Chi era Raffaele Marianella, l’autista ucciso nell’assalto al pullman dei tifosi
Aveva 65 anni, si chiamava Raffaele Marianella e viveva a Firenze, anche se era originario di Roma. È lui la vittima dell’assurdo assalto al pullman dei tifosi del Pistoia Basket, avvenuto nella serata di ieri lungo la superstrada Rieti–Terni, all’altezza dello svincolo di Contigliano.

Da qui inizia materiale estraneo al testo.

Lemma affine_preimage_line (B : 'M[R]_2) (w p u : 'cV[R]_2) :
  B \in unitmx -> u != 0 ->
  exists p' u', u' != 0 /\ forall y, Lset p u (affine_map B w y) -> Lset p' u' y.
Proof.
move=> Bu u0; exists (invmx B *m (p - w)), (invmx B *m u); split.
  by apply: contra u0 => /eqP h; apply/eqP; rewrite -(mulKVmx Bu u) h mulmx0.
move=> y /LsetP [t et]; apply/LsetP; exists t.
have : B *m y = t *: u + p - w by rewrite -et /affine_map addrK.
move=> /(congr1 (mulmx (invmx B))); rewrite mulKmx // => ->.
by rewrite -addrA mulmxDr scalemxAr.
Qed.

End ImageCovers.

Section SliceCovers.
Variables (R : realType) (N : nat) (A : 'I_N -> 'M[R]_2) (v : 'I_N -> 'cV[R]_2)
  (X : set 'cV[R]_2) (lam D dl : R).
Local Notation piece i := (affine_map (A i) (v i) @` X).
Hypotheses (hAu : forall i, A i \in unitmx) (hlam0 : 0 <= lam)
  (hlam : forall i, opnorm (A i) <= lam)
  (hD0 : 0 < D) (hXD : bnd X D) (hdl : 0 < dl)
  (hcov : forall z, X z -> exists i, piece i z)
  (hsep : forall i a b, piece i a -> X b -> ~ piece i b -> dl <= edist a b).

Definition sexp := D / (D + dl).

Lemma sexp_gt0 : 0 < sexp.
Proof. by rewrite /sexp divr_gt0 // addr_gt0. Qed.

Lemma sexp_lt1 : sexp < 1.
Proof. by rewrite /sexp ltr_pdivrMr ?addr_gt0 // mul1r ltrDl. Qed.

Definition slice_covers (n : nat) := forall p u (Q : set 'cV[R]_2),
  u != 0 -> Q `<=` X -> Q `<=` Lset p u -> Q !=set0 ->
  exists m C, fine_cover sexp (lam ^+ n * D) Q m C.

Lemma diam_sub_X (Q : set 'cV[R]_2) : Q `<=` X -> 0 <= diam Q <= D.
Proof.
move=> QX; have QD := bnd_sub QX hXD.
by rewrite (diam_ge0 QD) (diam_le_bnd (ltW hD0) QD).
Qed.

Lemma slice_covers0 : slice_covers 0.
Proof.
move=> p u Q _ QX _ _; exists 1%N, (fun=> Q); apply: fine_cover_trivial.
by rewrite expr0 mul1r; case/andP: (diam_sub_X QX).
Qed.

(* A slice inside one piece phi_i(X) is the image of a slice of X, on which
   phi_i contracts distances uniformly by a factor <= lam. *)
Lemma slice_covers_piece n i p u (Q : set 'cV[R]_2) :
  slice_covers n -> u != 0 -> Q `<=` X -> Q `<=` Lset p u -> Q !=set0 ->
  Q `<=` piece i -> exists m C, fine_cover sexp (lam ^+ n.+1 * D) Q m C.
Proof.
move=> hn u0 QX QL [q Qq] Qi; set phi := affine_map (A i) (v i).
pose Q' := [set y | X y /\ Q (phi y)].
have eQ : phi @` Q' = Q.
  apply/seteqP; split=> [_ [y [_ Qy] <-] // | z Qz].
  by have [y Xy ey] := Qi z Qz; exists y => //; split => //; rewrite /phi ey.
have [p' [u' [u'0 Q'L]]] := affine_preimage_line (v i) p (hAu i) u0.
have {}Q'L : Q' `<=` Lset p' u' by move=> y [_ /QL /Q'L].
have Q'X : Q' `<=` X by move=> y [].
have [y Xy ey] := Qi q Qq.
have [m [C hC]] := hn p' u' Q' u'0 Q'X Q'L (ex_intro _ y (conj Xy (eq_ind_r Q Qq ey))).
set sg := enorm (A i *m u') / enorm u'.
have sg0 : 0 <= sg by rewrite divr_ge0 ?enorm_ge0.
have sgl : sg <= lam.
  rewrite /sg ler_pdivrMr ?enorm_gt0 //; apply: le_trans (opnorm_bound _ _) _.
  by rewrite ler_wpM2r ?enorm_ge0.
have := fine_cover_image sg0 (bnd_sub Q'X hXD)
  (fun y z Qy Qz => affine_line_scale (A i) (v i) u'0 (Q'L y Qy) (Q'L z Qz)) hC.
rewrite eQ => hC'; exists m, (fun k => phi @` C k); apply: fine_cover_le hC'.
rewrite exprS -mulrA ler_wpM2r // ?mulr_ge0 ?exprn_ge0 ?(ltW hD0) //.
Qed.

Lemma gap_split_cost (Q Ql Qr : set 'cV[R]_2) :
  Q `<=` X -> gap_split Q Ql Qr dl ->
  diam Ql `^ sexp + diam Qr `^ sexp <= diam Q `^ sexp.
Proof.
move=> QX hsplit; have [[sl sr] _ _ _ _] := hsplit.
have hdiam := gap_split_diam (bnd_sub QX hXD) hsplit.
have /andP[dl0 _] := diam_sub_X (subset_trans sl QX).
have /andP[dr0 _] := diam_sub_X (subset_trans sr QX).
have /andP[dQ0 dQD] := diam_sub_X QX.
apply: le_trans (gap_powR_le dl0 dr0 hdl _) _; first exact: le_trans hdiam dQD.
apply: ge0_ler_powR => //; first exact: ltW sexp_gt0.
by rewrite nnegrE !addr_ge0 ?(ltW hdl).
Qed.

Una pietra lanciata contro il parabrezza del mezzo lo ha colpito in pieno alla trachea, uccidendolo sul colpo. Marianella era seduto accanto al collega che stava guidando il pullman, sul quale viaggiavano 45 tifosi pistoiesi di ritorno dalla partita di Serie A2 contro la Sebastiani Rieti.
Secondo le prime ricostruzioni, il gruppo di aggressori — probabilmente ultras reatini — avrebbe atteso il bus in un punto isolato della superstrada, nascosto tra i cespugli, per poi lanciare sassi e mattoni al passaggio del mezzo. Una violenza cieca, scagliata contro persone inermi, che ha trasformato una normale trasferta sportiva in una tragedia.

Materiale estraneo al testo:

Let horner_P t : map_mx (horner_eval t) P = H t.
Proof.
apply/matrixP => i j; rewrite !mxE horner_evalE.
by rewrite hornerD hornerN hornerM hornerX !hornerC.
Qed.

Let D := \det P.
Let F := \adj P.

Let horner_D t : D.[t] = \det (H t).
Proof. by rewrite -horner_P det_map_mx. Qed.

Let horner_F t i j : (F i j).[t] = \adj (H t) i j.
Proof. by rewrite -horner_P -map_mx_adj [RHS]mxE. Qed.

Let D_gt0 t : 0 <= t -> t <= 1 -> 0 < D.[t].
Proof.
have D_neq0 x : 0 <= x -> x <= 1 -> D.[x] != 0.
  by move=> x_ge0 x_le1; rewrite horner_D -unitfE -unitmxE H_unit.
move=> t_ge0 t_le1; rewrite lt_def D_neq0 //= leNgt; apply/negP => Dt_lt0.
have D0_gt0 : 0 < D.[0] by rewrite horner_D /H scale0r subr0 det_scalar exprn_gt0.
have [x] : {x | x \in `[0, t] & root D x}.
  by apply: polyrcf.poly_ivt => //; rewrite pmulr_rle0 // ltW.
rewrite in_itv /= => /andP[x_ge0 xt] /rootP Dx.
by move: (D_neq0 x x_ge0 (le_trans xt t_le1)); rewrite Dx eqxx.
Qed.

Let inv_ge0E t : 0 <= t -> t <= 1 -> inv_ge0 t <-> forall i j, 0 <= (F i j).[t].
Proof.
move=> t_ge0 t_le1.
have invE i j : invmx (H t) i j = (D.[t])^-1 * (F i j).[t].
  by rewrite /invmx H_unit // mxE horner_D horner_F.
by split=> Ht_ge0 i j; have := Ht_ge0 i j; rewrite ?invE pmulr_rge0 ?invr_gt0 ?D_gt0.
Qed.

Let Q := \prod_(k : 'I_n * 'I_n | F k.1 k.2 != 0) F k.1 k.2.

Let Q_neq0 : Q != 0.
Proof. by apply/prodf_neq0 => k. Qed.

Raffaele Marianella lavorava da pochi mesi per la Jimmy Travel, azienda di trasporti con sede a Osmannoro, che da anni collabora con i tifosi pistoiesi per accompagnarli nelle trasferte. Una collaborazione sempre contraddistinta da serietà e correttezza, mai segnata da episodi di violenza.

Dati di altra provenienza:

(* Comparing the projections on the component of a: the first letter of w
   there is a, so a occurs after b, with only letters independent of a in
   between, which yields a lowering of w. *)
Lemma red_of_no_lowering w : ~ has_lowering w -> red comp prec (fun _ => True) w.
Proof.
move=> no_low; split=> // u _ uw [pre|[alpha [a [beta [b [gamma [Eu [Ew lt_ab]]]]]]]].
  by move: pre; rewrite prefixE (trace_eq_size uw) take_size => /eqP.
case: no_low.
have := trace_eq_filter uw (comp a); rewrite Eu Ew !filter_cat /= eqxx.
move/(congr1 (drop (size (filter (fun y => comp y == comp a) alpha)))).
rewrite !drop_size_cat // => /esym/(filter_cons_split (s := b :: gamma)) [[|b' v] [s2 [E indep]]].
  by case: E lt_ab => ->; rewrite prec_irr.
case: E lt_ab indep => -> -> lt_ab indep.
by exists alpha, b', v, a, s2.
Qed.

Lemma red_iff_no_lowering w :
  red comp prec (fun _ => True) w <-> ~ has_lowering w.
Proof.
by split; [move=> red_w /has_lowering_not_red | exact: red_of_no_lowering].
Qed.

End Lowerings.

Section Runs.
Variables (Sigma : finType) (kind : Sigma -> vpkind) (A : vpa Sigma).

«Siamo sconvolti e senza parole — hanno dichiarato i titolari dell’azienda —, Raffaele era un autista esperto e un uomo buono, sempre disponibile. Nessuno può morire così, per una follia del genere».
Secondo quanto riferisce PistoiaSport, l’uomo sarebbe stato colpito da un sasso appuntito che gli ha perforato la trachea. Inutili i tentativi di rianimazione da parte dei soccorritori: Marianella è morto prima di arrivare in ospedale.
Il dramma ha sconvolto il mondo dello sport italiano. Il ministro per lo Sport Andrea Abodi ha parlato di “fatto sconvolgente”, mentre la Regione Toscana ha espresso “cordoglio e indignazione per un gesto inaccettabile che nulla ha a che fare con lo sport”.
Anche la Trapani Shark, in una nota ufficiale, ha voluto unirsi al dolore:
“Lo sport non può portare ad eventi come questo. Qualsiasi forma di violenza, dentro o fuori dal parquet, non può essere tollerata. Il club esprime profonda vicinanza e cordoglio alla famiglia di Raffaele Marianella”.
Una vita spezzata da un atto insensato. Raffaele Marianella lascia un vuoto enorme nella sua famiglia e tra i colleghi. La Procura di Rieti indaga ora per omicidio volontario, mentre continua la caccia ai responsabili di un’aggressione che ha scosso l’intero Paese.